In a second experiment we investigated if unsubscribing to spam emails generated new spam. In all 219 spam were investigated and 182 of them allowed the user to unsubscribe. By transporting the spam massages to a newly-configured e-mail account with a "clean" environment it was possible to investigate the impact of unsubscribing from spam. During a four-week period we did not receive a single spam in return.3

  1. http://web.archive.org/web/20140919123956/http://www.scientificameriken.com/spam1.asp

  2. http://web.archive.org/web/20140919125112/http://essays.dayah.com/spam-unsubscribe-not-harmful/

  3. Jacobsson, Andreas, and Bengt Carlsson. "Privacy and spam: Empirical studies of unsolicited commercial e-mail." In Proceedings of IFIP Summer School on Risks & Challenges of the Network Society. 2004.

  • 1
    Very good answer to a difficult question, thank you!
    – Sklivvz
    Commented Sep 19, 2014 at 13:27

The sites that you said addressed the myth might be working with spamming companies or be the spammers themselves. I don't know that much about spam, but it appears to not be the same as telling someone to take you off their mailing list when they call you.

Several other sites agree with the fact that you should not unsubscribe from spammers as it does the following-

The typical advice from anti-spam groups is to not even try to use their "unsubscribe" methods, since that confirms for the spammer that the address is not only good (thus: send it more spam!) but also that the recipient actually opens spams sent there (thus: send it even more spam!) http://www.spamprimer.com/spammers_wont_unsubscribe_you.html

Also, from this we can see that people have done other test for this.

This qoute outlines that clicking unsuscribe is the wrong course of action.

Before you answer, in most cases the spammers are just guessing at email addresses. Fill out the ‘unsubscribe” line, and the guesswork is over: they know they have a live one. Worse, said Maiffret: "In reality, that's usually an indicator to increase the level of things they send to you. We even see when you click unsubscribe, it'll take you to a website and the website will actually try and attack against your computer," he explained

Filipiak had to change his email address, as this reporter will also have to do. For this article, I clicked "unsubscribe" on two weeks’ worth of spams; more than 125 times. My daily spam average is on the rise, with no signs of slowing down. With spam accounting for an estimated 80 percent of all email traffic in the United States, the spammers don’t appear to be slowing down, either. The best option, experts said, is to choose the "Mark as Junk" option provided by some email providers. If that’s not an option, just hit "delete" and move on.

As for "Do spammers actually compile lists of "known deliverable email addresses"?" I couldn't find any info to support that, but from the volume of mail these people were sent other spammers were probably in on it.

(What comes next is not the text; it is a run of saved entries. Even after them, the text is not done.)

Lemma double_term_geometric_bound (q : R) (n : nat) (x y r f g v w u : C) :
  (0 < q < 1)%R ->
  (forall m, qpoch v (RtoC q) m <> 0) -> (forall m, qpoch w (RtoC q) m <> 0) ->
  (forall m, qpoch (x * (RtoC q / Cpow (RtoC q) n) / y) (RtoC q) m <> 0) ->
  (Cmod u < 1)%R -> (Cmod (u * RtoC q / y) < 1)%R ->
  exists M α β, (0 <= α < 1)%R /\ (0 <= β < 1)%R /\
    forall k j, (Cmod (double_term (RtoC q) n x y r f g v w u k j) <= M * α ^ k * β ^ j)%R.
Proof.
  intros Hq Hv Hw Hc Hu Huy.
  pose proof (qpoch_qq_neq0 q Hq) as HQQ.
  destruct (growth_le_diagonal_bound
              (fun m => phi32_coef r f g v w (RtoC q) m * Cpow u m)
              (balanced_coef (RtoC q) n x y)
              (fun j => Cpow (RtoC q / y) j / qpoch (RtoC q) (RtoC q) j)
              (Cmod u) 1 (Cmod (RtoC q / y)))
    as (M & α & β & Hα & Hβ & Hbound); try apply Cmod_ge_0; try lra.
  - rewrite <- Cmod_mult. replace (u * (RtoC q / y)) with (u * RtoC q / y)
      by (unfold Cdiv; ring). exact Huy.
  - replace (Cmod u) with (1 * Cmod u)%R by ring.
    apply growth_le_mult; [lra | apply Cmod_ge_0 | | apply growth_le_pow].
    apply growth_le_phi32_coef; auto.
  - apply (growth_le_ext (fun k =>
        qpoch (RtoC q / Cpow (RtoC q) n / y) (RtoC q) k * qpoch (RtoC q * x / y) (RtoC q) k
        * / qpoch (x * (RtoC q / Cpow (RtoC q) n) / y) (RtoC q) k * / qpoch (RtoC q) (RtoC q) k)).
    { intros k. unfold balanced_coef. field. split; auto. }
    replace 1%R with (1 * 1 * 1 * 1)%R by ring.
    repeat apply growth_le_mult; try lra; auto using growth_le_qpoch, growth_le_qpoch_inv.
  - replace (Cmod (RtoC q / y)) with (Cmod (RtoC q / y) * 1)%R by ring.
    apply growth_le_mult; [apply Cmod_ge_0 | lra | apply growth_le_pow |].
    apply growth_le_qpoch_inv; auto.
  - exists M, α, β. split; [exact Hα|]. split; [exact Hβ|].
    intros k j. rewrite double_term_factor by auto. exact (Hbound k j).
Qed.

Theorem theorem4 (q : R) (n : nat) (x y r f g v w u : C) :
  (0 < q < 1)%R ->
  y <> RtoC 0 ->
  x <> RtoC 0 ->
  qpoch y (RtoC q) n <> RtoC 0 ->
  (forall m, qpoch v (RtoC q) m <> RtoC 0) ->
  (forall m, qpoch w (RtoC q) m <> RtoC 0) ->
  (forall m, qpoch (x * (RtoC q / Cpow (RtoC q) n) / y) (RtoC q) m <> RtoC 0) ->
  (Cmod u < 1)%R ->
  (Cmod (u * RtoC q / y) < 1)%R ->
  csum_fin (fun k =>
      qpoch (/ Cpow (RtoC q) n) (RtoC q) k * qpoch x (RtoC q) k * Cpow (RtoC q) k
      / (qpoch (RtoC q) (RtoC q) k * qpoch y (RtoC q) k)
      * phi32 r f g v w (RtoC q) (u * Cpow (RtoC q) k)) n
  =
  Cpow x n * qpoch (y / x) (RtoC q) n / qpoch y (RtoC q) n *
  csum (fun k => csum (fun j =>
      qpoch r (RtoC q) (k + j) * qpoch f (RtoC q) (k + j) * qpoch g (RtoC q) (k + j)
      / (qpoch (RtoC q) (RtoC q) j * qpoch v (RtoC q) (k + j) * qpoch w (RtoC q) (k + j))
      * (qpoch ((RtoC q / Cpow (RtoC q) n) / y) (RtoC q) k
         * qpoch (RtoC q * x / y) (RtoC q) k
         / (qpoch (x * (RtoC q / Cpow (RtoC q) n) / y) (RtoC q) k
            * qpoch (RtoC q) (RtoC q) k))
      * Cpow u (k + j) * Cpow (RtoC q / y) j)).
Proof.
  intros Hq Hy Hx Hyn Hv Hw Hc Hu Huy.
  pose proof (qpoch_qq_neq0 q Hq) as HQQ.
  assert (HQ : RtoC q <> 0) by (intros E; apply (f_equal fst) in E; simpl in E; lra).
  destruct (double_term_geometric_bound q n x y r f g v w u) as (M & α & β & Hα & Hβ & Hbound);
    auto.
  assert (Hlhs : is_series
    (fun m => chu_value (RtoC q) n x y
              * csum_fin (fun k => double_term (RtoC q) n x y r f g v w u k (m - k)%nat) m)
    (csum_fin (fun k => chu_term (RtoC q) n x y k
                        * phi32 r f g v w (RtoC q) (u * Cpow (RtoC q) k)) n)).
  { eapply is_series_ext; [intros m; apply chu_phi32_term_sum; auto|].
    apply (is_series_csum_fin (fun k m =>
      chu_term (RtoC q) n x y k * phi32_term r f g v w (RtoC q) (u * Cpow (RtoC q) k) m)).
    intros k _. apply (@is_series_scal_l C_AbsRing C_NormedModule (chu_term (RtoC q) n x y k)).
    apply is_series_phi32; auto.
    rewrite Cmod_mult, Cmod_pow, Cmod_R, Rabs_pos_eq by lra.
    assert (q ^ k <= 1)%R by (rewrite <- (pow1 k); apply pow_incr; lra).
    pose proof (pow_le q k ltac:(lra)). pose proof (Cmod_ge_0 u). nra. }
  replace (Cpow x n * qpoch (y / x) (RtoC q) n / qpoch y (RtoC q) n)
    with (chu_value (RtoC q) n x y)
    by (unfold chu_value; rewrite hom_qpoch_qpoch by exact Hx; reflexivity).
  exact (filterlim_locally_unique _ _ _ Hlhs
           (is_series_scal_l _ _ _ (is_series_diagonal _ M α β Hα Hβ Hbound))).
Qed.
(* Let $\mathcal{D}$ be a DCR graph and let $P$ be any process reachable from $\textsc{dcrpsi}(\mathcal{D})$ by a finite sequence of $\tau$-transitions in the unit context $\mathbf{1}$. Then every unguarded output prefix of $P$ (an output prefix not occurring underneath an input prefix, an output prefix, a $\mathbf{case}$ guard or a replication) has the form $\overline{m}\langle N\rangle.\mathbf{0}$ with the sent message $N$ equal to the frame $\mathcal{F}(P)$.
   Context: A DCR graph is a tuple $(E,M,\to\!\bullet,\bullet\!\to,\to\!\diamond,\to\!+,\to\!\%)$ where $E$ is a set of events (names from a nominal set), $M=(Ex',Re',In')$ is a triple of subsets of $E$ (the marking), and $\to\!\bullet,\bullet\!\to,\to\!\diamond,\to\!+,\to\!\%\subseteq E\times E$ are the condition, response, milestone, include and exclude relations. For a relation $\to$ write $e\!\to=\{f\mid e\to f\}$ and $\to\! e=\{f\mid f\to e\}$. dcrPsi instance: assertions are quadruples $(Ex,Re,In,G)$ with $Ex,Re,In\subseteq E$ and $G$ a natural number built from $0$ and successor $s(\cdot)$; terms are a distinguished channel name $m$ and assertions; conditions are triples $(Co,Mi,e)$ with $Co,Mi\subseteq E$, $e\in E$; channel equality is $=$; unit $\mathbf{1}=(\emptyset,\emptyset,\emptyset,0)$; composition: $(Ex,Re,In,G)\otimes(Ex',Re',In',G')$ equals the first argument if $G>G'$, the second if $G<G'$, and $(Ex\cup Ex',Re\cup Re',In\cup In',G)$ if $G=G'$; entailment: $(Ex,Re,In,G)\vdash(Co,Mi,e)$ iff $e\in In$, $In\cap Co\subseteq Ex$ and $In\cap Mi\cap Re=\emptyset$. Psi-calculus: processes $\mathbf{0}$, $(\!|\Psi|\!)$, $\overline{M}\langle N\rangle.P$, $\underline{M}(\lambda\tilde x)N.P$, $\mathbf{case}\ \tilde\varphi:\tilde P$, $P\mid Q$, $!P$. Frames: $\mathcal{F}((\!|\Psi|\!))=\Psi$, $\mathcal{F}(P\mid Q)=\mathcal{F}(P)\otimes\mathcal{F}(Q)$, frame of $\mathbf{0}$, prefixed, case and replicated processes is $\mathbf{1}$. Transitions $\Psi\triangleright P\xrightarrow{\alpha}P'$ are generated by: (Out) if $\Psi\vdash M\leftrightarrow K$ then $\Psi\triangleright\overline{M}\langle N\rangle.P\xrightarrow{\overline{K}N}P$; (In) if $\Psi\vdash M\leftrightarrow K$ then $\Psi\triangleright\underline{M}(\lambda\tilde y)N.P\xrightarrow{\underline{K}N[\tilde y:=\tilde L]}P[\tilde y:=\tilde L]$ for any terms $\tilde L$; (Case) if $\Psi\triangleright P_i\xrightarrow{\alpha}P'$ and $\Psi\vdash\varphi_i$ then $\Psi\triangleright\mathbf{case}\ \tilde\varphi:\tilde P\xrightarrow{\alpha}P'$; (Par) if $\Psi\otimes\mathcal{F}(Q)\triangleright P\xrightarrow{\alpha}P'$ then $\Psi\triangleright P\mid Q\xrightarrow{\alpha}P'\mid Q$, and symmetrically; (Rep) if $\Psi\triangleright P\mid !P\xrightarrow{\alpha}P'$ then $\Psi\triangleright !P\xrightarrow{\alpha}P'$; (Com) if $\mathcal{F}(P)=\Psi_P$, $\mathcal{F}(Q)=\Psi_Q$, $\Psi_Q\otimes\Psi\triangleright P\xrightarrow{\overline{M}N}P'$, $\Psi_P\otimes\Psi\triangleright Q\xrightarrow{\underline{K}N}Q'$ and $\Psi_Q\otimes\Psi_P\otimes\Psi\vdash M\leftrightarrow K$, then $\Psi\triangleright P\mid Q\xrightarrow{\tau}P'\mid Q'$, and symmetrically. Assertion processes and $\mathbf{0}$ have no transitions. Set-expressions in terms are identified with their values after substitution. Translation: $\textsc{dcrpsi}(\mathcal{D})=P_s\mid\big|_{e\in E}P_e$ with $P_s=(\!|(Ex',Re',In',0)|\!)\mid\overline{m}\langle(Ex',Re',In',0)\rangle.\mathbf{0}$ and $P_e=!\big(\mathbf{case}\ \varphi_e:\underline{m}(\lambda X_E,X_R,X_I,X_G)(X_E,X_R,X_I,X_G).(\overline{m}\langle U_e\rangle.\mathbf{0}\mid(\!|U_e|\!))\big)$, where $U_e=(X_E\cup\{e\},(X_R\setminus\{e\})\cup e\!\bullet\!\!\to,(X_I\setminus e\!\to\!\%)\cup e\!\to\!+,s(X_G))$ and $\varphi_e=(\to\!\bullet e,\to\!\diamond e,e)$. *)

From Stdlib Require Lists.List.
From mathcomp Require Import all_boot.
Set Implicit Arguments.
Unset Strict Implicit.
Unset Printing Implicit Defensive.

Section DcrPsi.
Variable E : finType.

Record dcr := Dcr {
  mEx : {set E}; mRe : {set E}; mIn : {set E};
  rcond : rel E;
  rresp : rel E;
  rmile : rel E;
  rincl : rel E;
  rexcl : rel E
}.

Record assertion := Asrt { aEx : {set E}; aRe : {set E}; aIn : {set E}; aG : nat }.

Inductive term := TChan | TAss of assertion.

Record cond := Cond { cCo : {set E}; cMi : {set E}; cEv : E }.

Definition unit_a : assertion := Asrt set0 set0 set0 0.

I did however find numerous accounts of people's e-mails sending other people spam, which if they unsubscribe can give the spammers more accounts. I found this by googling "unsuscribing to spam gets you more spam"(the results were to many).

  • 2
    This answer seems to be a simple repetition of the claim.
    – Sklivvz
    Commented Jul 20, 2014 at 21:46
  • Only important part of the answer: "when you click unsubscribe, it'll take you to a website and the website will actually try and attack against your computer". A "successful attack" is likely worth a billion "known good" e-mail addresses, where "successful attack" could mean that you actually install their toolbar, or answer their survey, or view their ads, etc.